### EXCERPTED RECORDS
● ● ●
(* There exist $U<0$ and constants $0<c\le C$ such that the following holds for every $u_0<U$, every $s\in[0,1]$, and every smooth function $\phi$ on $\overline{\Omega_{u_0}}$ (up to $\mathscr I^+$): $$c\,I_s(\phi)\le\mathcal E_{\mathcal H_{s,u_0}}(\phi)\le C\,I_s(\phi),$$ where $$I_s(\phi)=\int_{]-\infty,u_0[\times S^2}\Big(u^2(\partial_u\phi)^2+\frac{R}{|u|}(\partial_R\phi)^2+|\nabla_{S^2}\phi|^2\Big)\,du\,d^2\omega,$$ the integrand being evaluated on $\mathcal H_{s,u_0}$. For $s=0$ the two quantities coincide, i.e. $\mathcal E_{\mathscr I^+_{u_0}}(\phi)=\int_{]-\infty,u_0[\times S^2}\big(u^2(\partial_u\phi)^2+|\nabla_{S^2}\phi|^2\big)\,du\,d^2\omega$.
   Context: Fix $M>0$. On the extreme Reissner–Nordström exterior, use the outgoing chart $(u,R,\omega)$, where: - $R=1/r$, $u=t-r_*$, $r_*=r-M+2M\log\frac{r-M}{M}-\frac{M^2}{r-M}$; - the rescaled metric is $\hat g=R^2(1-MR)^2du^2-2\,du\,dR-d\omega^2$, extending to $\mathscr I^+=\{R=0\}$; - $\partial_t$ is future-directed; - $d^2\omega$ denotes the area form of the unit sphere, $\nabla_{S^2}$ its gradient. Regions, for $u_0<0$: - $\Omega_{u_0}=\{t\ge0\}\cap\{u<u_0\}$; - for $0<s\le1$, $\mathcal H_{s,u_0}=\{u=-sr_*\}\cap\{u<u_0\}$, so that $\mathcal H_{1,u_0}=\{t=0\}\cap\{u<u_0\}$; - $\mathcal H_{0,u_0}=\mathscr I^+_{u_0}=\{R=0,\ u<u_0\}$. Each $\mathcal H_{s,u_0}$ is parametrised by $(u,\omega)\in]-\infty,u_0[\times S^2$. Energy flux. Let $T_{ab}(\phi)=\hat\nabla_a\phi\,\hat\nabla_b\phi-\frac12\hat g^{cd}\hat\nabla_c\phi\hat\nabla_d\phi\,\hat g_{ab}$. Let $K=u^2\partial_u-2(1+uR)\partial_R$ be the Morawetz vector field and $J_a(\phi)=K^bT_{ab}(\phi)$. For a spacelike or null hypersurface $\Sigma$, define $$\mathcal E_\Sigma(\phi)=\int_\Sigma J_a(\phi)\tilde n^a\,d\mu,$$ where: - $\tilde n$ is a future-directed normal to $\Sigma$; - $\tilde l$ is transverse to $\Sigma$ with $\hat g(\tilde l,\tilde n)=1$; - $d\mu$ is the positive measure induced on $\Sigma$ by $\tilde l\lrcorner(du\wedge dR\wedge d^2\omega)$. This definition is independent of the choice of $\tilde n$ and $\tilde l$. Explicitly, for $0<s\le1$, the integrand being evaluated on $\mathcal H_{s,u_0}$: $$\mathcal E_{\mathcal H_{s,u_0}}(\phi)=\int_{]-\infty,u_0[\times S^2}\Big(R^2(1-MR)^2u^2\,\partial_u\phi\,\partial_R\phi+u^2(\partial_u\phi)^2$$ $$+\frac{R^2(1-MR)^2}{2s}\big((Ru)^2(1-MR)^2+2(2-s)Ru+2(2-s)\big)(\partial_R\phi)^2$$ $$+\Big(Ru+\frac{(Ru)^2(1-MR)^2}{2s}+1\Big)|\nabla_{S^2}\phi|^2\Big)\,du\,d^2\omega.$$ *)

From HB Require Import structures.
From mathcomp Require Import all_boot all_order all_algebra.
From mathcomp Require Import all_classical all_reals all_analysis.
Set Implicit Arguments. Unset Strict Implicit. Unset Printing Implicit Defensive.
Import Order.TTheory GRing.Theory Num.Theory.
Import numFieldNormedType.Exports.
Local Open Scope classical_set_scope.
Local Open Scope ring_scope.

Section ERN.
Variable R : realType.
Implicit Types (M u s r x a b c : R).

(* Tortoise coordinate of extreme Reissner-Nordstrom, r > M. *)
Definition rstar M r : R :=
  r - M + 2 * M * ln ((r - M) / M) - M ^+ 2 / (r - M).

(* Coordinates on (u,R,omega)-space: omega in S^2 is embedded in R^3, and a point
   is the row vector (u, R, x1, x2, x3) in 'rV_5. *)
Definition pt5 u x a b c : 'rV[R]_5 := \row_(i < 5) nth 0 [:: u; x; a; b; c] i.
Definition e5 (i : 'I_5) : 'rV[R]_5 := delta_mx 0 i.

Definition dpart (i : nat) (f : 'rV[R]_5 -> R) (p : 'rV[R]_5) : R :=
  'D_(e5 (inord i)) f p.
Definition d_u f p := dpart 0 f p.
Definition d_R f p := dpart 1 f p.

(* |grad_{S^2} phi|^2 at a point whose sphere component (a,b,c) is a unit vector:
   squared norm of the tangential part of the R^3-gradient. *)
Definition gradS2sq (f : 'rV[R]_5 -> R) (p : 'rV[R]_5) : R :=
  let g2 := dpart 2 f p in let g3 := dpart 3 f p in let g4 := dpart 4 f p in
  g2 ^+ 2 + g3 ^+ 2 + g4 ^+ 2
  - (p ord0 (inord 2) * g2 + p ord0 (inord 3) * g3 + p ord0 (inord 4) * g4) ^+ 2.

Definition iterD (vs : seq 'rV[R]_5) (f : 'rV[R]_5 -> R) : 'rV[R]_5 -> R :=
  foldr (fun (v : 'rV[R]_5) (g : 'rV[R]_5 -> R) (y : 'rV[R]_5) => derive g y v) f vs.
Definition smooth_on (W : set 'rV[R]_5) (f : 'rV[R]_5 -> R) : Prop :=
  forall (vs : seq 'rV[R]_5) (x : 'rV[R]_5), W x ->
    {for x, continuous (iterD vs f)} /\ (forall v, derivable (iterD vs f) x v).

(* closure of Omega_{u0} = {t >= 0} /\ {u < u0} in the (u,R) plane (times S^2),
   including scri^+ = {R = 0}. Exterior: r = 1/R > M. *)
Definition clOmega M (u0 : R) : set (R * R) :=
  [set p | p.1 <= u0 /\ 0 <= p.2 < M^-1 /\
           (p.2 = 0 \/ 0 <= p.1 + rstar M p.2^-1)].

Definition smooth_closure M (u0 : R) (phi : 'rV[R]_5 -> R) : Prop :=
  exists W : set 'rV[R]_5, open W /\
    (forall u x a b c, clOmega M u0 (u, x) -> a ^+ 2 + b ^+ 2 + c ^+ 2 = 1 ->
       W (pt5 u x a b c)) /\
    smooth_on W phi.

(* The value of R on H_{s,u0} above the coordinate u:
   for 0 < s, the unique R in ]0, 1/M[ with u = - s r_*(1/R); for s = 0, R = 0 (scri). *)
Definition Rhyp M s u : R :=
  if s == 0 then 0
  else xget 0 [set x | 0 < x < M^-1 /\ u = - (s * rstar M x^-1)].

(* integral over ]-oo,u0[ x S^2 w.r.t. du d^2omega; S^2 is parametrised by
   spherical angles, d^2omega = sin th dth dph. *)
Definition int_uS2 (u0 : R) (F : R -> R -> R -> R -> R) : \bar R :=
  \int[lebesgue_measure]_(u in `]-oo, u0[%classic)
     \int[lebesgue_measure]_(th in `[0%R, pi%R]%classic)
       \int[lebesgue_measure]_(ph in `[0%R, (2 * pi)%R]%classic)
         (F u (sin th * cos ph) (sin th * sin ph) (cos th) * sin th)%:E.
● ● ●
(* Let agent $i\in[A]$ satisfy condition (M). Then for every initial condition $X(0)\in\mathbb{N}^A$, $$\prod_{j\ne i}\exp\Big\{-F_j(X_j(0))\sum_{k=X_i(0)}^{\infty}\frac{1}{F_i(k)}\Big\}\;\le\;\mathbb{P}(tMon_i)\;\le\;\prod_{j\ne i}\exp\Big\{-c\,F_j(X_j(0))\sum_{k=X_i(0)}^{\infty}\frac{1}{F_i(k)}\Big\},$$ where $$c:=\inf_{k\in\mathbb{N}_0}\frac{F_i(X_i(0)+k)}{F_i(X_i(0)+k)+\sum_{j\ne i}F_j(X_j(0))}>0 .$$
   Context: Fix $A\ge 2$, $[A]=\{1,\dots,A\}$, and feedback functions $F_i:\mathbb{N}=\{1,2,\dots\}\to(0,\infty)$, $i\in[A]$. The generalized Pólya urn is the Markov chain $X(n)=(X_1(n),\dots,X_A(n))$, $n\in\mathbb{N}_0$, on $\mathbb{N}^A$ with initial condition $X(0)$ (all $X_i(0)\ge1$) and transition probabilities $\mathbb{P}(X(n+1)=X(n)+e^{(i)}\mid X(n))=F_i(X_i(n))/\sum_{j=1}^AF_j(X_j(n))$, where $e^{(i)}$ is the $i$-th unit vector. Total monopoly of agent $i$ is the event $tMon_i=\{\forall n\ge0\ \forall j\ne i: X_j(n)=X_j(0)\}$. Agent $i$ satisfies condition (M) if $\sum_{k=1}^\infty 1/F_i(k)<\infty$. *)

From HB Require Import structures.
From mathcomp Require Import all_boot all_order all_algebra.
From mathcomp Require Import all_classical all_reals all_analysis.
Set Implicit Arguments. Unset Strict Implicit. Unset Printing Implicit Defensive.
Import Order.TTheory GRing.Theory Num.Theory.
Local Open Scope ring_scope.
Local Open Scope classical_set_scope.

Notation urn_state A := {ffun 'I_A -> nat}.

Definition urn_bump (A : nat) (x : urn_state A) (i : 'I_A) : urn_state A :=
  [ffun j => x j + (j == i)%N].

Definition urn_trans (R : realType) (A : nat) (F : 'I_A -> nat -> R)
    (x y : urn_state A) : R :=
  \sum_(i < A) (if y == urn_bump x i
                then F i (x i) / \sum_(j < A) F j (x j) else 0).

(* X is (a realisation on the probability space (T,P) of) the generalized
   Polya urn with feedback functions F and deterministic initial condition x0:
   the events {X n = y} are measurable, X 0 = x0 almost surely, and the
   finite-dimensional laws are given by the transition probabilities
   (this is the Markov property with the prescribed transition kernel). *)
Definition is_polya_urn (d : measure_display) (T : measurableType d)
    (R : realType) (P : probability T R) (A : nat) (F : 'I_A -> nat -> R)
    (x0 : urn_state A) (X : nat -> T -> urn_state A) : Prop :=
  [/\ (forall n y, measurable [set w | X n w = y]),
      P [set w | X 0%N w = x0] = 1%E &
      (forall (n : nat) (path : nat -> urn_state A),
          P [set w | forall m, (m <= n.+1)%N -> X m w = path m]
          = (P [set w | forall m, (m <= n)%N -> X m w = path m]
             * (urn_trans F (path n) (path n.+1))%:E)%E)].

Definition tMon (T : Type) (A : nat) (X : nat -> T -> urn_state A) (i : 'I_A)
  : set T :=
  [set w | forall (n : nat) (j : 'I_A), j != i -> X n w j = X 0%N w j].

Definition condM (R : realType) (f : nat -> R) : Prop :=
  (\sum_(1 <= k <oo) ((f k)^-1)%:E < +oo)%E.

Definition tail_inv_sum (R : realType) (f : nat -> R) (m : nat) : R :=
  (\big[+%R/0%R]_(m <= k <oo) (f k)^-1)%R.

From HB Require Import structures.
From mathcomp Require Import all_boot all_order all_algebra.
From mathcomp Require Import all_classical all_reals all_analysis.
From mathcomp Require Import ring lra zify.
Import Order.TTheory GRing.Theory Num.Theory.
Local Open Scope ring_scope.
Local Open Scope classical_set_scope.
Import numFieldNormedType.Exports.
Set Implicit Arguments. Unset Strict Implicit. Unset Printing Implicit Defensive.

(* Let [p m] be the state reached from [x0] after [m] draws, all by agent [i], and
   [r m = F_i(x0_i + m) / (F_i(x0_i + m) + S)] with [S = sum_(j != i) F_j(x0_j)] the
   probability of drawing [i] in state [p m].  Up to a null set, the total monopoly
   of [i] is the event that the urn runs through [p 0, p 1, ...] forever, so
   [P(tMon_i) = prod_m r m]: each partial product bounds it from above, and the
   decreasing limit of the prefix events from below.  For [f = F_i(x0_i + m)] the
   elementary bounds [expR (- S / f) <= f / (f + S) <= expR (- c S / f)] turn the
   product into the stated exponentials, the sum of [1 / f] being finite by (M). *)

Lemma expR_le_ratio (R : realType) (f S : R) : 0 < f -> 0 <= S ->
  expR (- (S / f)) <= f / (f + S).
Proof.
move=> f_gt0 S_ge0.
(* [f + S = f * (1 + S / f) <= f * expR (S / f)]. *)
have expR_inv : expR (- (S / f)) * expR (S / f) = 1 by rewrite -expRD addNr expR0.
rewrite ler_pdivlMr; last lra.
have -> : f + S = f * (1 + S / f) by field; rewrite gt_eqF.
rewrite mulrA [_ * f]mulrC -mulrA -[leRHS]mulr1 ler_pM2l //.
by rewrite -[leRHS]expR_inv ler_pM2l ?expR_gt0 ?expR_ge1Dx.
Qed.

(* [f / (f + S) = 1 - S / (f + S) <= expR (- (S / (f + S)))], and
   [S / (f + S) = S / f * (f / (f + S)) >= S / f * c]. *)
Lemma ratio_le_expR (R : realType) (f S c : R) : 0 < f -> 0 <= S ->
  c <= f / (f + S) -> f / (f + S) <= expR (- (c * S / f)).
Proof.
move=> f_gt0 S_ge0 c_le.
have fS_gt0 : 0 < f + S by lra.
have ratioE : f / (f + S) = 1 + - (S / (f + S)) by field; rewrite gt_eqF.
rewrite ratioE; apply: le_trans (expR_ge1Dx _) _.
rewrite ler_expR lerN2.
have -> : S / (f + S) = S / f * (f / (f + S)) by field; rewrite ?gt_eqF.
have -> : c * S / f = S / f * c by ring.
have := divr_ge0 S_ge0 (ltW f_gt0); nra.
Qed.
● ● ●
### WHAT IS REQUIRED
In the listing above, find the line with "(* [f / (f + S) = 1 - S" and the line with "rewrite ler_expR lerN2."; output exactly those lines and all lines between them.

### EXERCISE SOLUTION
(* [f / (f + S) = 1 - S / (f + S) <= expR (- (S / (f + S)))], and
   [S / (f + S) = S / f * (f / (f + S)) >= S / f * c]. *)
Lemma ratio_le_expR (R : realType) (f S c : R) : 0 < f -> 0 <= S ->
  c <= f / (f + S) -> f / (f + S) <= expR (- (c * S / f)).
Proof.
move=> f_gt0 S_ge0 c_le.
have fS_gt0 : 0 < f + S by lra.
have ratioE : f / (f + S) = 1 + - (S / (f + S)) by field; rewrite gt_eqF.
rewrite ratioE; apply: le_trans (expR_ge1Dx _) _.
rewrite ler_expR lerN2.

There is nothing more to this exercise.